The “It’s A Montage” workshop did just this. Participants Cara and Scarlett were advised to capture photos and video of anything that appealed to them in the exhibition. This material would then be compiled using an iPhone video editing app. Hosted by Laura Hopwood, the session was based on films made by forward-thinking French artists Marcel Duchamp and Fernand Léger. The films can be seen alongside their other masterpieces in the Picasso to Warhol: Fourteen Modern Masters exhibition.
With their mobile phones in hand to take photos, Cara and Scarlett toured the exhibition, focusing specifically on Léger’s Le Ballet Mécanique and Duchamp’s Anemic Cinema. Duchamp and Leger were preoccupied with the transitions occurring in post-war France. Duchamp’s film from 1926 features a spinning disk on a turntable and shows his fascination with optical illusions. Léger’s film, created two years before Duchamp’s, was made just after his mechanical period, in which machinery and geometry featured heavily in his work.

Marcel Duchamp (American, born France. 1887-1968)
Anemic Cinema, 1926
35mm film Black and white, silent, 6 minutes (approx.)
The Museum of Modern Art, New York
Acquired from the artist. Preserved with funding from the Celeste Bartos Film Preservation Fund
© 2012 Artists Rights Society (ARS), New York / ADAGP, Paris / Estate of Marcel Duchamp
Nothing could be more fitting for a tutorial using modern technology than a study of the fourteen modern masters but as the participants learned after their tour, our modern age is not without its own curiosities to translate into art. To get into the Surrealist frame of mind (if, indeed, that is even possible), Laura asked the girls to brainstorm the positive and negatives associated with our time. Everything from Facebook to cane toads was listed, leaving the girls with plenty of outlandish possibilities for their video montages.

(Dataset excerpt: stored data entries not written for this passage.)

(* Let $Q$ be a finite boolean combination (finite unions, intersections and complements) of principal quantifiers of the form $Q_A$ with $A\subseteq\mathbb{N}^d$ for a fixed $d$. Then for every $a\in(\mathbb{N}^d)^{<\omega}$ the orbit $\{g(a):g\in\mathrm{Aut}(Q)\}$ is definable in $\mathscr{L}_{\omega_1\omega}(Q)$.
   Context: For $A\subseteq\mathbb{N}^d$, the principal quantifier $Q_A=\{X\subseteq\mathbb{N}^d:A\subseteq X\}$ is a quantifier of type $\langle d\rangle$ on $\mathbb{N}$ (a family of subsets of $\mathbb{N}^d$). A permutation $g$ of $\mathbb{N}$ acts coordinatewise on tuples and on subsets by $g(X)=\{g(x):x\in X\}$; $g$ fixes $Q$ if $X\in Q\iff g(X)\in Q$ for all $X\subseteq\mathbb{N}^d$, and $\mathrm{Aut}(Q)$ is the group of such permutations. $\mathscr{L}_{\omega_1\omega}(Q)$ extends $\mathscr{L}_{\omega_1\omega}$ (countable conjunctions/disjunctions, finite quantifier strings) by formulas $Qx\,\varphi(x,y)$ ($x$ a $d$-tuple of variables) with $\mathbb{N}\models Qx\,\varphi(x,b)$ iff $\{a\in\mathbb{N}^d:\mathbb{N}\models\varphi(a,b)\}\in Q$. A set $B$ of tuples is definable in $\mathscr{L}_{\omega_1\omega}(Q)$ if there is a formula without parameters whose only non-logical symbol is $Q$ that defines $B$ in $\mathbb{N}$. *)

From mathcomp Require Import all_boot.
Set Implicit Arguments. Unset Strict Implicit. Unset Printing Implicit Defensive.

Definition tup (d : nat) := 'I_d -> nat.

(* A quantifier of type <d> on N: a family of subsets of N^d *)
Definition quantifier (d : nat) := (tup d -> Prop) -> Prop.

Definition principal (d : nat) (A : tup d -> Prop) : quantifier d :=
  fun X => forall x, A x -> X x.

Inductive bcomb (d : nat) : Type :=
| BPrin of (tup d -> Prop)
| BCompl of bcomb d
| BInter of bcomb d & bcomb d
| BUnion of bcomb d & bcomb d.

Fixpoint bsem (d : nat) (C : bcomb d) : quantifier d :=
  match C with
  | BPrin A => principal A
  | BCompl C1 => fun X => ~ bsem C1 X
  | BInter C1 C2 => fun X => bsem C1 X /\ bsem C2 X
  | BUnion C1 C2 => fun X => bsem C1 X \/ bsem C2 X
  end.

Definition gimg (d : nat) (g : nat -> nat) (X : tup d -> Prop) : tup d -> Prop :=
  fun y => exists2 x, X x & forall i, y i = g (x i).

Definition in_Aut (d : nat) (Q : quantifier d) (g : nat -> nat) : Prop :=
  bijective g /\ forall X : tup d -> Prop, Q X <-> Q (gimg g X).

Definition Aut_orbit (d n : nat) (Q : quantifier d) (a : 'I_n -> tup d)
  : ('I_n -> tup d) -> Prop :=
  fun b => exists g, in_Aut Q g /\ forall i j, b i j = g (a i j).

(* Formulas of L_{omega_1 omega}(Q) whose only non-logical symbol is Q;
   variables are natural numbers; countable conjunctions/disjunctions are
   indexed by nat (finite ones by repetition). *)
Inductive formula (d : nat) : Type :=
| FEq of nat & nat
| FNot of formula d
| FAnd of (nat -> formula d)
| FOr of (nat -> formula d)
| FEx of nat & formula d
| FQ of ('I_d -> nat) & formula d.

Definition upd (d : nat) (env : nat -> nat) (vs : 'I_d -> nat) (a : tup d) : nat -> nat :=
  fun v => match [pick i | vs i == v] with Some i => a i | None => env v end.

Definition upd1 (env : nat -> nat) (x v : nat) : nat -> nat :=
  fun w => if w == x then v else env w.

(* Satisfaction in N.  For Q x phi, the set is {a in N^d : N |= phi(a)},
   where a tuple of variables x with repetitions only admits tuples a
   agreeing on repeated positions. *)
Fixpoint sat (d : nat) (Q : quantifier d) (env : nat -> nat) (phi : formula d) : Prop :=
  match phi with
  | FEq x y => env x = env y
  | FNot p => ~ sat Q env p
  | FAnd f => forall k, sat Q env (f k)
  | FOr f => exists k, sat Q env (f k)
  | FEx x p => exists v, sat Q (upd1 env x v) p
  | FQ vs p => Q (fun a => (forall i j, vs i = vs j -> a i = a j) /\ sat Q (upd env vs a) p)
  end.

Definition definable (d n : nat) (Q : quantifier d) (B : ('I_n -> tup d) -> Prop) : Prop :=
  exists (phi : formula d) (vars : 'I_n -> 'I_d -> nat),
    injective (fun p : 'I_n * 'I_d => vars p.1 p.2) /\
    forall env : nat -> nat, sat Q env phi <-> B (fun i j => env (vars i j)).

(* A finite boolean combination Q of principal quantifiers is finitely determined: for every X
   there is a finite F outside X with Q X <-> Q (N^d \ G) for every finite G outside X
   containing F.  Hence a permutation g fixes Q as soon as Q (N^d \ G) <-> Q (N^d \ g G) for
   all finite G, and these instances are expressible by formulas with parameters.  Two
   assignments satisfying the same formulas in their first M variables thus extend, by a
   back-and-forth enumeration of N on both sides, to enumerations related by an automorphism
   of Q.  The orbit of a is then defined by the countable conjunction, over the finitely
   described assignments outside the orbit, of a formula true at a and false there. *)

From mathcomp Require Import all_boot.
From Stdlib Require Import Classical ClassicalEpsilon FunctionalExtensionality.
From Stdlib Require List.
Set Implicit Arguments. Unset Strict Implicit. Unset Printing Implicit Defensive.

Section FiniteDetermination.
Variable d : nat.

Definition avoid (G : list (tup d)) : tup d -> Prop := fun t => ~ List.In t G.

Definition outside (X : tup d -> Prop) : list (tup d) -> Prop :=
  List.Forall (fun z => ~ X z).

Definition determined_at (Q : quantifier d) (X : tup d -> Prop) (F : list (tup d)) :=
  outside X F /\
  forall G, List.incl F G -> outside X G -> (Q X <-> Q (avoid G)).

Lemma determined_at_incl Q X F F' :
  determined_at Q X F -> List.incl F F' -> outside X F' -> determined_at Q X F'.
Proof.
move=> [_ QF] FF' XF'; split=> // G F'G XG.
exact: QF (List.incl_tran FF' F'G) XG.
Qed.

Lemma principal_determined (A X : tup d -> Prop) :
  exists F, determined_at (principal A) X F.
Proof.
have [AX|] := classic (forall x, A x -> X x).
  exists nil; split=> [|G _ /List.Forall_forall XG]; first by constructor.
  by split=> // _ x Ax Gx; apply: XG x Gx (AX x Ax).
move=> /not_all_ex_not[w] /(imply_to_and (A w))[Aw Xw].
exists (w :: nil); split; first by constructor.
move=> G wG _; split=> [AX|AG]; first by case: Xw; apply: AX.
by case: (AG w Aw); apply: wG; left.
Qed.

Lemma determined_at_app Q1 Q2 X F1 F2 :
  determined_at Q1 X F1 -> determined_at Q2 X F2 ->
  determined_at Q1 X (F1 ++ F2) /\ determined_at Q2 X (F1 ++ F2).
Proof.
move=> D1 D2; have XF : outside X (F1 ++ F2).
  by apply/List.Forall_app; split; [case: D1|case: D2].
split.
- exact: determined_at_incl D1 (List.incl_appl _ (List.incl_refl F1)) XF.
- exact: determined_at_incl D2 (List.incl_appr _ (List.incl_refl F2)) XF.
Qed.

Lemma bsem_determined (C : bcomb d) (X : tup d -> Prop) :
  exists F, determined_at (bsem C) X F.
Proof.
elim: C => [A|C [F [XF QF]]|C1 [F1 D1] C2 [F2 D2]|C1 [F1 D1] C2 [F2 D2]] /=.
3,4: have [[XF Q1] [_ Q2]] := determined_at_app D1 D2;
  by exists (F1 ++ F2); split=> // G FG XG; rewrite (Q1 G FG XG) (Q2 G FG XG).
- exact: principal_determined.
- by exists F; split=> // G FG XG; rewrite (QF G FG XG).
Qed.

End FiniteDetermination.

Section BackAndForth.
Variable P : nat -> (nat -> nat) -> (nat -> nat) -> Prop.
Hypothesis P_forth : forall M e1 e2, P M e1 e2 ->
  forall x, exists y, P M.+1 (upd1 e1 M x) (upd1 e2 M y).
Hypothesis P_back : forall M e1 e2, P M e1 e2 ->
  forall y, exists x, P M.+1 (upd1 e1 M x) (upd1 e2 M y).
Hypothesis P_local : forall M e1 e2 e1' e2',
  (forall v, v < M -> e1 v = e1' v /\ e2 v = e2' v) -> P M e1 e2 -> P M e1' e2'.

Variables (M0 : nat) (e1 e2 : nat -> nat).
Hypothesis P0 : P M0 e1 e2.

Let forth_value M (f1 f2 : nat -> nat) x :=
  epsilon (inhabits 0) (fun y => P M.+1 (upd1 f1 M x) (upd1 f2 M y)).
Let back_value M (f1 f2 : nat -> nat) y :=
  epsilon (inhabits 0) (fun x => P M.+1 (upd1 f1 M x) (upd1 f2 M y)).

(* Stage [k] assigns the variables below [M0 + k]; variable [M0 + 2 s] gets the value [s]
   on the left, variable [M0 + 2 s + 1] gets the value [s] on the right. *)
Fixpoint stage k : (nat -> nat) * (nat -> nat) :=
  if k is k'.+1 then
    let f := stage k' in let M := M0 + k' in
    if odd k' then (upd1 f.1 M (back_value M f.1 f.2 k'./2), upd1 f.2 M k'./2)
    else (upd1 f.1 M k'./2, upd1 f.2 M (forth_value M f.1 f.2 k'./2))
  else (e1, e2).

Let stage_P k : P (M0 + k) (stage k).1 (stage k).2.
Proof.
elim: k => [|k IH]; first by rewrite addn0.
rewrite addnS /=; case: (odd k) => /=.
- exact: (epsilon_spec (inhabits 0) _ (P_back IH k./2)).
- exact: (epsilon_spec (inhabits 0) _ (P_forth IH k./2)).
Qed.

Let stage_stable k k' v : k <= k' -> v < M0 + k ->
  (stage k').1 v = (stage k).1 v /\ (stage k').2 v = (stage k).2 v.
Proof.
move=> le_kk' lt_v; elim: k' le_kk' => [|k' IH]; first by rewrite leqn0 => /eqP ->.
rewrite leq_eqVlt => /orP[/eqP -> //|]; rewrite ltnS => le_kk'.
have [<- <-] := IH le_kk'.
have /negbTE v_neq : v != M0 + k'.
  by rewrite neq_ltn (leq_trans lt_v) // leq_add2l.
by rewrite /=; case: (odd k'); rewrite /= /upd1 v_neq.
Qed.

Let lim1 v := (stage v.+1).1 v.
Let lim2 v := (stage v.+1).2 v.

Let lim_stage k v : v < M0 + k -> lim1 v = (stage k).1 v /\ lim2 v = (stage k).2 v.
Proof.
move=> lt_v; have lt_v' : v < M0 + v.+1 by rewrite addnS ltnS leq_addl.
have [<- <-] := stage_stable (leq_maxl k v.+1) lt_v.
by have [-> ->] := stage_stable (leq_maxr k v.+1) lt_v'.
Qed.

Lemma back_and_forth : exists E1 E2 : nat -> nat,
  [/\ forall v, v < M0 -> E1 v = e1 v /\ E2 v = e2 v,
      forall k, P (M0 + k) E1 E2,
      forall x, E1 (M0 + x.*2) = x &
      forall y, E2 (M0 + (y.*2).+1) = y].
Proof.
exists lim1, lim2; split.
- by move=> v; have := @lim_stage 0 v; rewrite addn0.
- move=> k; apply: P_local (stage_P k) => v lt_v.
  by have [-> ->] := lim_stage lt_v.
- move=> x; have lt_x : M0 + x.*2 < M0 + (x.*2).+1 by rewrite addnS.
  have [-> _] := lim_stage lt_x.
  by rewrite /= odd_double /= /upd1 eqxx doubleK.
- move=> y; have lt_y : M0 + (y.*2).+1 < M0 + (y.*2).+2 by rewrite !addnS.
  have [_ ->] := lim_stage lt_y.
  by rewrite /= odd_double /= /upd1 eqxx uphalf_double.
Qed.

End BackAndForth.

Section Definability.
Variables (d : nat) (Q : quantifier d).
Hypothesis Q_determined : forall X, exists F, determined_at Q X F.

Lemma Q_ext X Y : (forall t, X t <-> Y t) -> (Q X <-> Q Y).
Proof.
move=> XY; have [F1 [XF1 QF1]] := Q_determined X; have [F2 [YF2 QF2]] := Q_determined Y.
have outsideXY G : outside X G <-> outside Y G.
  by split; apply: List.Forall_impl => z; rewrite XY.
have XF : outside X (F1 ++ F2) by apply/List.Forall_app; split=> //; apply/outsideXY.
rewrite (QF1 _ (List.incl_appl _ (List.incl_refl F1)) XF).
by rewrite (QF2 _ (List.incl_appr _ (List.incl_refl F2)) (proj1 (outsideXY _) XF)).
Qed.

Lemma comp_can (g h : nat -> nat) (z : tup d) : cancel h g -> g \o (h \o z) = z.
Proof. by move=> hK; apply: functional_extensionality => i /=; rewrite hK. Qed.

Lemma in_Aut_avoid (g h : nat -> nat) : cancel g h -> cancel h g ->
  (forall G, Q (avoid G) <-> Q (avoid (List.map (fun z => g \o z) G))) -> in_Aut Q g.
Proof.
move=> gK hK QG; split=> [|X]; first by exists h.
have [F1 [XF1 QF1]] := Q_determined X; have [F2 [YF2 QF2]] := Q_determined (gimg g X).
(* [G] joins a witness for [X] to the pull-back of a witness for [gimg g X]. *)
pose G := F1 ++ List.map (fun z => h \o z) F2.
have XG : outside X G.
  apply/List.Forall_app; split=> //; apply/List.Forall_map.
  by apply: List.Forall_impl YF2 => z Yz Xhz; apply: Yz; exists (h \o z) => // i /=; rewrite hK.
have gGE : List.map (fun z => g \o z) G = List.map (fun z => g \o z) F1 ++ F2.
  by rewrite List.map_app List.map_map (List.map_ext _ _ (fun z => comp_can z hK)) List.map_id.
have YgG : outside (gimg g X) (List.map (fun z => g \o z) G).
  rewrite gGE; apply/List.Forall_app; split=> //; apply/List.Forall_map.
  apply: List.Forall_impl XF1 => z Xz [x Xx gzx]; apply: Xz.
  suff -> : z = x by [].
  by apply: functional_extensionality => i; apply: (can_inj gK); exact: gzx.
rewrite (QF1 G (List.incl_appl _ (List.incl_refl F1)) XG) QG.
by rewrite (QF2 _ _ YgG) // gGE; apply: List.incl_appr (List.incl_refl F2).
Qed.

Lemma comp_upd1 (g env : nat -> nat) x v : g \o upd1 env x v = upd1 (g \o env) x (g v).
Proof. by apply: functional_extensionality => w; rewrite /upd1 /=; case: eqP. Qed.

Lemma comp_upd (g env : nat -> nat) vs (t : tup d) :
  g \o upd env vs t = upd (g \o env) vs (g \o t).
Proof. by apply: functional_extensionality => w; rewrite /upd /=; case: pickP. Qed.

Lemma sat_Aut (g h : nat -> nat) : cancel g h -> cancel h g -> in_Aut Q g ->
  forall phi env, sat Q env phi <-> sat Q (g \o env) phi.
Proof.
move=> gK hK [_ QgX]; elim=> [x y|p IH|f IH|f IH|x p IH|vs p IH] env /=.
- by split=> [->|/(can_inj gK)].
- by rewrite IH.
- by split=> sat_f k; [rewrite -IH | rewrite IH].
- by split=> -[k sat_f]; exists k; [rewrite -IH | rewrite IH].
- split=> -[v sat_p].
    by exists (g v); rewrite -comp_upd1 -IH.
  by exists (h v); rewrite IH comp_upd1 hK.
- rewrite QgX; apply: Q_ext => t; split.
    move=> [x [vsx sat_x] tx]; have -> : t = g \o x by apply: functional_extensionality.
    by split=> [i j /vsx /= -> //|]; rewrite -comp_upd -IH.
  move=> [vst sat_t]; exists (h \o t) => [|i]; last by rewrite /= hK.
  by split=> [i j /vst /= -> //|]; rewrite IH comp_upd comp_can.
Qed.

Definition TrueF : formula d := FEq d 0 0.

Definition FAndI (f : 'I_d -> formula d) : formula d :=
  FAnd (fun k => oapp f TrueF (insub k)).

Definition FAndL (l : list (formula d)) : formula d :=
  FAnd (fun k => odflt TrueF (List.nth_error l k)).

Lemma sat_FAndI env f : sat Q env (FAndI f) <-> forall i, sat Q env (f i).
Proof.
split=> [sat_f i|sat_f k]; first by have := sat_f i; rewrite /= valK.
by rewrite /=; case: insubP => [i _ _|_]; first exact: sat_f.
Qed.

They then took advantage of the Gallery’s free WI-FI to import their snaps into the movie-making application and away they went! Cara’s film explored the idea of what we can’t see behind locked doors and she was spotted taking some photos of the Gallery’s historic doorways. Scarlett focused on the difference between light and darkness in paintings. Both videos will be posted to the website soon and the winning filmmaker will win an unlimited pass to the Picasso to Warhol exhibition.